Aside from agent touchpoints, there’s also the matter of execution order. As each agent performs a subtask, the context changes, which could also affect the downstream requirements to accomplish the task. Often, it may be better to run (sub)agents in sequence, waiting for a task to be done before dispatching a new one. Each (sub)agent may still have a different context, with a subset of the conversation history and different tools, while running sequentially. For highly independent subtasks, this is not necessary. Understanding how much context is required and identifying which tasks are truly independent (or to which extent) is yet another area where LLMs of today fall short and requires human assistance - one of the main developer tasks when architecting agents.

With the increasing complexity of developing these complex networks of agents, we also see the rise of many frameworks to support the development of multi-agent systems, including LangGraph, Pydantic AI, Crew AI, SmolAgents, among many others. Many of them have different approaches and a different development philosophy. And while LangGraph is the most popular at the time of writing (2025), it is still early to truly call any of them an “industry standard”. Especially as new standards are being defined and implemented by the different clients and frameworks (e.g.: MCP).
Standards & Security
Agent Protocols: MCP, A2A and ACP
Model Context Protocol (MCP) [ref], was developed by Anthropic as an open standard. It specifies how AI applications interact with external tools and systems. In other words, it makes it possible for users of (for example) ChatGPT to add arbitrary tools to be used by the LLM with no knowledge of the user interface of ChatGPT, Anthropic’s Claude, IDEs, among others.
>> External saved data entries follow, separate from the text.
Definition block_eq (N m : nat) (c d : mconf m) : Prop :=
  c.2 = d.2 /\ mpsize m c.1 = mpsize m d.1 /\ perm_eq (res_seq N m c) (res_seq N m d).

Definition block_eq1 (N : nat) (c d : conf) : Prop :=
  c.2 = d.2 /\ psize c.1 = psize d.1 /\
  perm_eq (res_seq1 N c.1 c.2) (res_seq1 N d.1 d.2).

Definition sim_e (e : nat) (l m : Partition) : Prop :=
  exists s : int, block_eq1 e (l, s) (m, s).

Definition default_mconf (m : nat) : mconf m :=
  ([ffun => empty_part], [ffun => 0]).

Definition Cset (e : nat) (B : int -> Prop) (i : nat) : int -> Prop :=
  fun c => exists b, B b /\ (b %% e%:Z)%Z = i%:Z /\ c = ((b - i%:Z) %/ e%:Z)%Z.

Definition eta (e : nat) (c : conf) : mconf e :=
  epsilon (inhabits (default_mconf e))
    (fun rt : mconf e => forall i : 'I_e, forall z : int,
        beta (rt.2 i) (rt.1 i) z <-> Cset e (beta c.2 c.1) i z).

Definition psi (e r k : nat) (z : int) : int :=
  ((((z %/ e%:Z)%Z + 1) * r%:Z - k%:Z) * e%:Z + (z %% e%:Z)%Z).

Definition Uglov_set (e r : nat) (c : mconf r) : int -> Prop :=
  fun b => exists (k : 'I_r) (z : int),
      beta (c.2 k) (c.1 k) z /\ b = psi e r k.+1 z.

Definition Psi (e r : nat) (c : mconf r) : conf :=
  epsilon (inhabits (empty_part, 0))
    (fun p : conf => forall b, beta p.2 p.1 b <-> Uglov_set e r c b).

Definition Phi (e r : nat) (p : conf) : mconf r :=
  epsilon (inhabits (default_mconf r)) (fun c : mconf r => Psi e r c = p).

(* The quantities compared by both block relations are linear in the indicator
   of the beta-set.  For beta-sets B, B' put  d(h) = sum_b (1_B(b) - 1_B'(b)) h(b),
   a finite sum.  The charge difference of B and B' is d(1), and the difference of
   their numbers of nodes of N-residue j is d(b |-> floor((b - j) / N)).  Both eta
   and Phi_r only redistribute the elements of a beta-set among runners (eta via
   b |-> (b mod e, b div e), Phi_r by inverting Uglov's psi_k), so every invariant of
   the images of (lam, s) and (mu, s) is again of the form d(h) for B = B_s(lam),
   B' = B_s(mu); and lam ~_e mu says that d vanishes on 1 and on every
   b |-> floor((b - j) / e).  With X_j = d(b |-> floor((floor(b / e) - j) / r)), the
   eta-images are r-block equivalent iff X_j = 0 for all j < r, whereas on the
   Phi_r side the charge difference on runner k+1 is X_(r-1-k) - X_(r-k) and, once
   the charges agree, every e-residue count difference is X_0.  As X_r = X_0, the
   two conditions are equivalent by telescoping. *)

From Stdlib Require Import ClassicalEpsilon.
From mathcomp Require Import all_boot all_order all_algebra zify.
Import Order.TTheory GRing.Theory Num.Theory.
Set Implicit Arguments.
Unset Strict Implicit.
Local Open Scope ring_scope.

Definition ind (P : Prop) : int := if excluded_middle_informative P then 1 else 0.

Lemma indT (P : Prop) : P -> ind P = 1.
Proof. by rewrite /ind; case: excluded_middle_informative. Qed.

Lemma indF (P : Prop) : ~ P -> ind P = 0.
Proof. by rewrite /ind; case: excluded_middle_informative. Qed.

Lemma ind_iff (P Q : Prop) : (P <-> Q) -> ind P = ind Q.
Proof.
by move=> hPQ; rewrite /ind; case: excluded_middle_informative => hP;
  case: excluded_middle_informative => hQ //; exfalso; tauto.
Qed.

Lemma sum_delta_mul n (i : 'I_n) (F : 'I_n -> int) :
  \sum_(i' < n) ((i' == i) : int) * F i' = F i.
Proof.
rewrite (bigD1 i) //= eqxx mul1r big1 ?addr0 // => i' hi'.
by rewrite (negbTE hi') mul0r.
Qed.

Lemma modz_bounds (b : int) (N : nat) : (0 < N)%N -> 0 <= (b %% N%:Z)%Z < N%:Z.
Proof. by move=> hN; rewrite modz_ge0 ?ltz_pmod //=; lia. Qed.

Lemma divzMDl_small (c i : int) (N : nat) : (0 < N)%N -> 0 <= i < N%:Z ->
  ((c * N%:Z + i) %/ N%:Z)%Z = c.
Proof. by move=> hN hi; rewrite divzMDl ?divz_small ?addr0 //; lia. Qed.

Lemma modzMDl_small (c i : int) (N : nat) : (0 < N)%N -> 0 <= i < N%:Z ->
  ((c * N%:Z + i) %% N%:Z)%Z = i.
Proof. by move=> hN hi; rewrite modzMDl modz_small //; lia. Qed.

Lemma divzS (z : int) (N : nat) : (0 < N)%N ->
  ((z + 1) %/ N)%Z = (z %/ N)%Z + ((z + 1) %% N == 0)%Z%:Z.
Proof. by move=> hN; case: eqP => h /=; nia. Qed.

Lemma modz_sub_eq0 (a j : int) (N : nat) : (0 < N)%N -> 0 <= j < N%:Z ->
  (((a - j) %% N)%Z == 0) = ((a %% N)%Z == j).
Proof.
move=> hN hj; rewrite -modzDml.
have := modz_bounds a hN; move: (a %% N)%Z => m hm.
case: (lerP j m) => hjm.
  by rewrite modz_small; [apply/eqP/eqP|]; lia.
have -> : m - j = (-1) * N%:Z + (m - j + N%:Z) by lia.
by rewrite modzMDl modz_small; [apply/eqP/eqP|]; lia.
Qed.

(** * Beta-sets *)

Definition beta_nth (p : Partition) (s : int) (i : nat) : int :=
  (part_nth p i)%:Z - i%:Z + s.

Lemma part_nth_default p i : (size (sval p) < i)%N -> part_nth p i = 0%N.
Proof. by move=> h; rewrite /part_nth nth_default //; lia. Qed.

Lemma part_nth_nonincr p i j : (i <= j)%N -> (part_nth p j <= part_nth p i)%N.
Proof.
case: p => l hp hij; case/andP: (hp) => hs _; rewrite /part_nth /=.
case: (ltnP j.-1 (size l)) => hj; last by rewrite (nth_default _ hj).
have := @sorted_leq_nth _ geq (fun a b c h1 h2 => leq_trans h2 h1) leqnn 0%N l hs.
by move=> /(_ i.-1 j.-1); rewrite !inE; apply; lia.
Qed.

Lemma part_nth_gt0 p i : (1 <= i)%N -> (i <= size (sval p))%N -> (0 < part_nth p i)%N.
Proof.
case: p => l hp h1 h2; case/andP: (hp) => _ h0; rewrite /part_nth /=.
have : nth 0%N l i.-1 \in l by apply: mem_nth; move: h2 => /=; lia.
by case: (nth 0%N l i.-1) => //; rewrite (negbTE h0).
Qed.

Lemma beta_nth_decr p s i j : (i < j)%N -> beta_nth p s j < beta_nth p s i.
Proof. by move=> h; rewrite /beta_nth; have := part_nth_nonincr p (ltnW h); lia. Qed.

Lemma beta_nth_inj p s : injective (beta_nth p s).
Proof.
move=> i j h; case: (ltngtP i j) => // hij; have := beta_nth_decr p s hij;
  by rewrite h ltxx.
Qed.

Definition bounded (P : int -> Prop) (K : nat) :=
  (forall b, b < - K%:Z -> P b) /\ (forall b, K%:Z <= b -> ~ P b).

Definition beta_radius (p : Partition) (s : int) : nat :=
  (`|s| + size (sval p) + part_nth p 1)%N.

Lemma bounded_beta p s K : (beta_radius p s <= K)%N -> bounded (beta s p) K.
Proof.
rewrite /beta_radius => hK; split=> b hb.
  by exists `|s - b|%N; split; [lia | rewrite part_nth_default; lia].
by move=> [i [hi hbi]]; rewrite hbi in hb; have := part_nth_nonincr p hi; lia.
Qed.

(** * Signed sums over beta-sets *)

Definition wsum (K : nat) (F : int -> int) : int := \sum_(k < K + K) F (- K%:Z + k%:Z).

Lemma sum_beta_nth_eq p s (L : nat) b : (size (sval p) <= L)%N -> s - L%:Z <= b ->
  \sum_(x < L) ((beta_nth p s x.+1 == b) : int) = ind (beta s p b).
Proof.
move=> hL hb; case: (classic (beta s p b)) => hB; last first.
  rewrite indF // big1 // => x _; case: eqP => // h; case: hB.
  by exists x.+1.
rewrite indT //; case: hB => i [hi hbi].
have hiL : (i <= L)%N.
  by case: (leqP i L) => // hiL; move: hbi; rewrite part_nth_default; lia.
have hi' : (i.-1 < L)%N by lia.
rewrite (bigD1 (Ordinal hi')) //= big1 => [|x hx].
  have -> : i.-1.+1 = i by lia.
  by rewrite /beta_nth -hbi eqxx addr0.
case: eqP => // h; rewrite hbi in h; move/beta_nth_inj: h => h.
by case/eqP: hx; apply: val_inj => /=; lia.
Qed.

(* The first [s + K] elements of [B_s(p)] are exactly those in the window [-K, K). *)
Lemma sum_beta_nth_wsum p s (K : nat) h : (beta_radius p s <= K)%N ->
  \sum_(x < absz (s + K%:Z)) h (beta_nth p s x.+1) = wsum K (fun b => ind (beta s p b) * h b).
Proof.
rewrite /beta_radius => hK; set L := absz (s + K%:Z).
have E (k : 'I_(K + K)) : ind (beta s p (- K%:Z + k%:Z)) * h (- K%:Z + k%:Z) =
   \sum_(x < L) ((beta_nth p s x.+1 == - K%:Z + k%:Z) : int) * h (beta_nth p s x.+1).
  rewrite -(@sum_beta_nth_eq p s L); [|lia|lia].
  by rewrite mulr_suml; apply: eq_bigr => x _; case: eqP => [->|]; rewrite ?mul0r.
rewrite /wsum (eq_bigr _ (fun k _ => E k)) exchange_big /=; apply: eq_bigr => x _.
have hx : (0 <= beta_nth p s x.+1 + K%:Z) && (beta_nth p s x.+1 + K%:Z < (K + K)%:Z).
  by have := part_nth_nonincr p (isT : (1 <= x.+1)%N); have := ltn_ord x;
    rewrite /beta_nth /L; lia.
have hk : (absz (beta_nth p s x.+1 + K%:Z)%R < K + K)%N by lia.
rewrite (bigD1 (Ordinal hk)) //= big1 => [|k hk'].
  have -> : - K%:Z + (absz (beta_nth p s x.+1 + K%:Z))%:Z = beta_nth p s x.+1 by lia.
  by rewrite eqxx mul1r addr0.
case: eqP => h'; last by rewrite mul0r.
by case/eqP: hk'; apply: val_inj => /=; lia.
Qed.
(* For every suboptimal line $(ij)\in O^c(\theta)$, the set $\Delta(\theta,ij)$ is nonempty.
   Context: Customer types $\mathcal I=\{1,\dots,I\}$, servers $\mathcal J=\{1,\dots,J\}$, lines $\mathcal L\subseteq\mathcal I\times\mathcal J$, $\mathcal S_i=\{j:(ij)\in\mathcal L\}$, $\mathcal C_j=\{i:(ij)\in\mathcal L\}$, rates $\lambda\in\mathbb R^I_{>0}$, $\mu\in\mathbb R^J_{>0}$, payoff vector $\theta\in\mathbb R^{\mathcal L}_{\ge0}$. $\mathrm{LP}(\theta,\varepsilon)$: maximize $\sum\theta_{ij}x_{ij}$ s.t. $\sum_{j\in\mathcal S_i}x_{ij}=\lambda_i$ ($i\in\mathcal I$), $\sum_{i\in\mathcal C_j}x_{ij}\le\mu_j-\varepsilon$ ($j\in\mathcal J$), $x\ge0$; dual $\mathrm D(\theta,\varepsilon)$: minimize $\sum_i\lambda_iv_i+\sum_j(\mu_j-\varepsilon)w_j$ s.t. $v_i+w_j\ge\theta_{ij}$ on $\mathcal L$, $w\ge0$. Standing assumptions: $\varepsilon>0$ is a fixed slack for which $\mathrm{LP}(\cdot,\varepsilon)$ is feasible, and for every payoff vector considered all basic feasible solutions of $\mathrm{LP}$ and of its dual are nondegenerate, so optimal primal and dual solutions are unique (with $x^\theta$ the optimal primal solution). $O(\theta)=\{(ij)\in\mathcal L:x^\theta_{ij}>0\}$, $O^c(\theta)=\mathcal L\setminus O(\theta)$. For $a\ge0$, $A(\theta,ij,a)\in\mathbb R^{\mathcal L}_{\ge0}$ equals $\theta$ except that its $(ij)$ entry is $a$; $\Delta(\theta,ij)=\{a\ge0:(ij)\in O(A(\theta,ij,a))\}$. *)

From mathcomp Require Import all_boot all_order all_algebra.
Set Implicit Arguments. Unset Strict Implicit. Unset Printing Implicit Defensive.
Import Order.TTheory GRing.Theory Num.Theory.
Local Open Scope ring_scope.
In this context, tools (which were Python functions) are transformed into servers, deployable either locally or remotely.
Today, MCP has momentum, and aims to establish itself as an industry standard for agent-tool communication, underpinned by a broad ecosystem of readily reusable servers.
The MCP protocol specifies how models interact with these tools, similar to how an OpenAPI (Swagger) specification outlines REST API usage. The MCP protocol enables (externally defined) tool use to models. This makes it easier to reuse and discover different tools to build novel AI agents and agentic workflows.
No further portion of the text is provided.